Wondewosen Fekadu is the headmaster at Shimider Primary. Mr. Fekadu worked last year in Tseta, a lowland village where families eat better and drink milk. The difference in their students, he said, is striking. “Children there are relatively smarter and more active,” he said. “There are students here who are up to fourth grade and they cannot even read and write, even attentively following the classes.”

Three of Mrs. Gebeyew’s children attend Shimider Primary. Mogus, a 10-year-old third grader, is three and one-half feet tall — wide-eyed, sweet and flummoxed by academics.

“He’s on the poor level — very slow,” his teacher said. “He doesn’t give attention when I’m teaching. He doesn’t concentrate.” In a classroom of 60 children, Mogus ranks 46th.

Mulu, 13, her ribs prominent through rips in her green school dress, races from home to get to her beloved third-grade class. But Mulu is 47th in a class of 60.

Fifteen-year-old Yirgalem, about two inches taller than Mulu, has a teenager’s diffidence toward school. “It’s not that tough,” he said. His second-grade teachers differ. “When he comes to school, I don’t even think his mind is normal,” one of his teachers, Amelework Ejigu, said.

There is great promise that this region’s future youngsters will not be hobbled by mental disabilities. Virtually all nutritional deficiencies can be easily and cheaply prevented, sometimes for pennies per child, through programs like universal salt iodization, fortification of flour and semiannual doses of vitamins.

Such efforts already are under way in some nations, and they are a foundation of most United Nations children’s programs. But in just as many places, they remain a promise.

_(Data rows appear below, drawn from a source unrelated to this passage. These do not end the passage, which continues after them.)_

(* Let $G$ be of type $A_{n-1}$, let $1\le s,r\le n-1$ and $p=\lfloor rs/n\rfloor$. Then $$w_{s,r}=(s_s s_{s-1}\cdots s_{p+1})(s_{s+1}s_s\cdots s_{p+2})\cdots(s_{s+r-p-1}\cdots s_{r+1}s_r),$$ i.e. $w_{s,r}=\prod_{j=p+1}^{r}(s_{s+j-p-1}s_{s+j-p-2}\cdots s_j)$ with the factors ordered by increasing $j$.
   Context: $G$ is the simple adjoint group of type $A_{n-1}$ (i.e. $PSL(n,\mathbb{C})$) with maximal torus $T$, Borel $B\supseteq T$, simple roots $\alpha_1,\dots,\alpha_{n-1}$ in the standard numbering, simple reflections $s_i$, fundamental weights $\omega_i$ (all minuscule); $\lambda_s$ is the one-parameter subgroup of $T$ with $\langle\alpha_j,\lambda_s\rangle=\delta_{sj}$. $P=P_{S\setminus\{\alpha_r\}}$, $W^{S\setminus\{\alpha_r\}}$ the minimal coset representatives of $W/W_{S\setminus\{\alpha_r\}}$ with the Bruhat order. $w_{s,r}$ is the unique Bruhat-minimal element $w\in W^{S\setminus\{\alpha_r\}}$ with $\langle w(\omega_r),\lambda_s\rangle\le0$ (equivalently, such that the Schubert variety $X(w)=\overline{BwP/P}$ has a point at which some $\lambda_s(\mathbb{G}_m)$-invariant section of a positive power of $\mathcal{L}(m\omega_r)$ is nonzero, $m$ least with $m\omega_r$ in the root lattice). *)

From HB Require Import structures.
From mathcomp Require Import all_boot all_order all_algebra fingroup perm.
Import GRing.Theory Num.Theory.

(* Weyl group W of type A_{n-1} = 'S_n, acting on weights (vectors in Q^n,
   i.e. functions 'I_n -> rat) by  (w . mu)_i = mu (w i).  With mathcomp's
   perm product ((x*y) i = y (x i)) this is a LEFT action:
   wact (x * y) = wact x \o wact y, so the group product x * y of 'S_n is the
   product  x y  in the Weyl group. *)
Definition wact (n : nat) (w : 'S_n) (mu : 'I_n -> rat) : 'I_n -> rat :=
  fun i => mu (w i).

(* simple reflection s_i (1 <= i <= n-1), swapping coordinates i-1 and i
   (0-based), i.e. the reflection in alpha_i = e_i - e_{i+1} (1-based).
   Out-of-range indices give the identity (never used). *)
Definition sref (n i : nat) : 'S_n :=
  match (insub i.-1 : option 'I_n), (insub i : option 'I_n) with
  | Some a, Some b => if (0 < i)%N then tperm a b else 1%g
  | _, _ => 1%g
  end.

Definition simple_word (n : nat) (ws : seq nat) : bool :=
  all (fun i => (0 < i < n)%N) ws.

Definition word_prod (n : nat) (ws : seq nat) : 'S_n :=
  (\prod_(i <- ws) sref n i)%g.

Definition is_length (n : nat) (w : 'S_n) (k : nat) : Prop :=
  (exists ws, simple_word n ws /\ size ws = k /\ word_prod n ws = w) /\
  (forall ws, simple_word n ws -> word_prod n ws = w -> (k <= size ws)%N).

Definition is_reflection (n : nat) (t : 'S_n) : Prop :=
  exists (x : 'S_n) (i : nat), (0 < i < n)%N /\ t = ((sref n i) ^ x)%g.

Inductive bruhat_le (n : nat) (u : 'S_n) : 'S_n -> Prop :=
| bruhat_refl : bruhat_le n u u
| bruhat_step (x t : 'S_n) (k1 k2 : nat) :
    bruhat_le n u x -> is_reflection n t -> is_length n x k1 ->
    is_length n (x * t)%g k2 -> (k1 < k2)%N -> bruhat_le n u (x * t)%g.

Definition WJ (n r : nat) : {set 'S_n} :=
  <<[set sref n (nat_of_ord j) | j : 'I_n & (0 < j)%N && (nat_of_ord j != r)]>>%g.

Definition min_coset_rep (n r : nat) (w : 'S_n) : Prop :=
  forall v, v \in WJ n r -> forall k1 k2,
    is_length n w k1 -> is_length n (w * v)%g k2 -> (k1 <= k2)%N.

Local Open Scope ring_scope.

Definition fund_weight (n r : nat) : 'I_n -> rat :=
  fun i => (if (nat_of_ord i < r)%N then 1 else 0) - r%:R / n%:R.

(* one-parameter subgroup lambda_s (fundamental coweight), as an element of
   the dual, realized via the standard pairing: <alpha_j, lambda_s> = delta_sj *)
Definition lambda_cw (n s : nat) : 'I_n -> rat :=
  fun i => (if (nat_of_ord i < s)%N then 1 else 0) - s%:R / n%:R.

Definition pairing (n : nat) (mu lam : 'I_n -> rat) : rat :=
  \sum_(i < n) mu i * lam i.

Definition wsr_cond (n s r : nat) (w : 'S_n) : Prop :=
  pairing n (wact n w (fund_weight n r)) (lambda_cw n s) <= 0.

Definition is_min_wsr (n s r : nat) (w : 'S_n) : Prop :=
  min_coset_rep n r w /\ wsr_cond n s r w /\
  forall v, min_coset_rep n r v -> wsr_cond n s r v -> bruhat_le n v w -> v = w.

From mathcomp Require Import all_boot all_order all_algebra fingroup perm.
From mathcomp Require Import zify ring.

(* Positions are 0-based and w acts on weights by (w mu)_i = mu (w i), so
   w(omega_r) only depends on the set A(w) = {i | w i < r} of positions
   carrying a value < r (lowpos r w).  The minimal representatives of the
   cosets w W_J, J = S \ {alpha_r}, are the w increasing on A(w) and on its
   complement; they are determined by A(w), and their length is their number
   of inversions.  Since <w(omega_r), lambda_s> = |A(w) /\ [0,s)| - rs/n, the
   admissible w are those with overlap s r w := |A(w) /\ [0,s)| <= p.  Moving
   an element of A(w) one place to the left is a Bruhat cover below w, and the
   only admissible A in which no such move keeps admissibility is
   [0,p) \/ [s, s+r-p).  Hence the representative w0 with this set lies below
   every admissible w.  Finally the factor s_(s+j-p-1) ... s_j of the product
   carries position j-1 of A up to s+j-p-1, so the factors for
   j = r, ..., p+1 turn [0,r) into [0,p) \/ [s, s+r-p). *)

Set Implicit Arguments.
Unset Strict Implicit.
Unset Printing Implicit Defensive.

Import GRing.Theory Num.Theory.

Lemma sum_prefix_count (a : pred nat) m n : m <= n ->
  \sum_(i < n) ((i < m) && a i) = count a (iota 0 m).
Proof.
move=> le_mn; have -> : iota 0 m = index_iota 0 m by rewrite /index_iota subn0.
rewrite -sum1_count big_mkord (big_ord_widen_cond n _ (fun _ => 1) le_mn).
by rewrite [RHS]big_mkcond /=; apply: eq_bigr => i _; rewrite andbC; case: (_ && _).
Qed.

Lemma sum_ord_ltn m n : m <= n -> \sum_(i < n) (i < m) = m.
Proof.
move=> le_mn; under eq_bigr => i _ do rewrite -[_ < m]andbT.
by rewrite (sum_prefix_count predT le_mn) count_predT size_iota.
Qed.

Lemma nonincreasing_count (a : pred nat) lo k :
  (forall e, lo <= e -> e.+1 < lo + k -> a e.+1 -> a e) ->
  forall x, lo <= x < lo + k -> a x = (x < lo + count a (iota lo k)).
Proof.
elim: k lo => [|k IH] lo mono x hx /=; first by lia.
have IH' := IH lo.+1 (fun e h1 h2 => mono e (ltnW h1) ltac:(lia)).
case: (boolP (a lo)) => alo.
  have [-> | ne_xlo] := eqVneq x lo; first by rewrite alo; lia.
  by rewrite IH'; [apply/idP/idP; lia | lia].
have c0 : count a (iota lo.+1 k) = 0.
  apply/eqP; apply: contraNT alo; rewrite -lt0n => c_gt0.
  have k_gt0 : 0 < k by have := count_size a (iota lo.+1 k); rewrite size_iota; lia.
  by apply: mono => //; [lia | rewrite IH'; lia].
have [-> | ne_xlo] := eqVneq x lo; first by rewrite (negbTE alo) c0; lia.
by rewrite IH' ?c0; [apply/idP/idP; lia | lia].
Qed.

Lemma two_block_shape (a : pred nat) n s r p :
  0 < s < n -> p <= s -> p <= r ->
  count a (iota 0 n) = r -> count a (iota 0 s) <= p ->
  (forall e, e.+1 < n -> ~~ a e -> a e.+1 -> e.+1 = s /\ count a (iota 0 s) = p) ->
  forall x, x < n -> a x = (x < p) || (s <= x < s + r - p).
Proof.
move=> s_bd le_ps le_pr cnt_n cnt_s ascent.
set c := count a (iota 0 s) in cnt_s ascent.
have cnt_tail : count a (iota s (n - s)) = r - c.
  have le_sn : s <= n by lia.
  by move: cnt_n; rewrite -{1}(subnKC le_sn) iotaD count_cat add0n; lia.
have no_ascent e : e.+1 != s -> e.+1 < n -> a e.+1 -> a e.
  by move=> ne_s lt_n ae1; apply/negPn/negP => nae; have [] := ascent e lt_n nae ae1; lia.
have head x : x < s -> a x = (x < c).
  move=> lt_xs; apply: (@nonincreasing_count a 0 s); last by lia.
  by move=> e _ lt_e; apply: no_ascent; lia.
have tail x : s <= x < n -> a x = (x < s + (r - c)).
  move=> x_bd; rewrite -cnt_tail; apply: nonincreasing_count; last by lia.
  by move=> e le_se lt_e; apply: no_ascent; lia.
have c_eq : c = p.
  apply/eqP; rewrite eqn_leq cnt_s leqNgt; apply/negP => lt_cp.
  have [_ c_p] : s.-1.+1 = s /\ c = p.
    by apply: ascent; [lia | rewrite head; lia | rewrite prednK ?tail; lia].
  by rewrite c_p ltnn in lt_cp.
by move=> x lt_xn; case: (ltnP x s) => x_s; [rewrite head | rewrite tail]; lia.
Qed.

(** * Inversions, length and Bruhat order *)

Section Permutations.

Variable n : nat.
Implicit Types (u v w : 'S_n) (i j a b : 'I_n).

Lemma sref_tperm i j : j = i.+1 :> nat -> sref n j = tperm i j.
Proof.
move=> ji; rewrite /sref ji /= valK.
by have -> : (insub i.+1 : option 'I_n) = Some j by rewrite -ji valK.
Qed.

Lemma sref_out k : ~~ (0 < k < n) -> sref n k = 1%g.
Proof.
move=> k_out; rewrite /sref; case: insubP => [? _ _|//]; case: insubP => [b _ bk|//].
by case: ifP => // k_gt0; move: k_out; rewrite k_gt0 -bk ltn_ord.
Qed.

Lemma sref_adjacent k : 0 < k < n ->
  exists i j, [/\ j = i.+1 :> nat, j = k :> nat & sref n k = tperm i j].
Proof.
case/andP=> k_gt0 lt_kn; have lt_k1n : k.-1 < n by lia.
exists (Ordinal lt_k1n), (Ordinal lt_kn); split=> //=; first by lia.
by apply: (@sref_tperm (Ordinal lt_k1n) (Ordinal lt_kn)) => /=; lia.
Qed.

Lemma adj_eqF i j : j = i.+1 :> nat -> (i == j) = false.
Proof. by move=> ji; apply/negbTE; rewrite -val_eqE /= ji; lia. Qed.

Lemma ltn_tperm_adj i j a b : j = i.+1 :> nat ->
  (a, b) != (i, j) -> (a, b) != (j, i) -> (tperm i j a < tperm i j b) = (a < b).
Proof.
move=> ji; have val_neq (c d : 'I_n) : c <> d -> c <> d :> nat by move=> ne /ord_inj.
rewrite !xpair_eqE.
case: tpermP => [->|->|/val_neq ai /val_neq aj];
  case: tpermP => [->|->|/val_neq bi /val_neq bj]; rewrite -!val_eqE /= ?ji; lia.
Qed.

Definition inversions w := \sum_(a < n) \sum_(b < n) ((a < b) && (w b < w a)).

Lemma inversions1 : inversions 1 = 0.
Proof.
by rewrite /inversions big1 // => a _; rewrite big1 // => b _; rewrite !perm1; case: ltngtP.
Qed.

Lemma inversionsV w : inversions w^-1 = inversions w.
Proof.
rewrite /inversions (reindex_inj (@perm_inj _ w)).
under eq_bigr => a _ do rewrite (reindex_inj (@perm_inj _ w)).
rewrite exchange_big /=.
by apply: eq_bigr => b _; apply: eq_bigr => a _; rewrite !permK andbC.
Qed.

At Tefera Hailu Memorial Hospital in Sekota, across a mountain from Shimider, the nutrition ward’s 10 beds are filled with worried mothers and shrunken babies. Among them are Adna Berhanu and her 5-month-old son, Agnecheu.

Mrs. Berhanu’s huge goiter is decorated with blue tribal tattoos. Her skeletal baby is severely iodine deficient, surely impaired for life should he survive.

Although iodine deficiency is endemic in Amhara Province, “I’ve been here a year, and we have no iodine in this ward,” the nurse on duty said. Beyond a blood test to estimate iron content, the attending physician said, no one even analyzes children’s nutritional status. Such tests, he said, are luxuries.

“We focus on saving lives; that’s our long-term focus,” he said. “We can’t focus on what happens to them afterward.”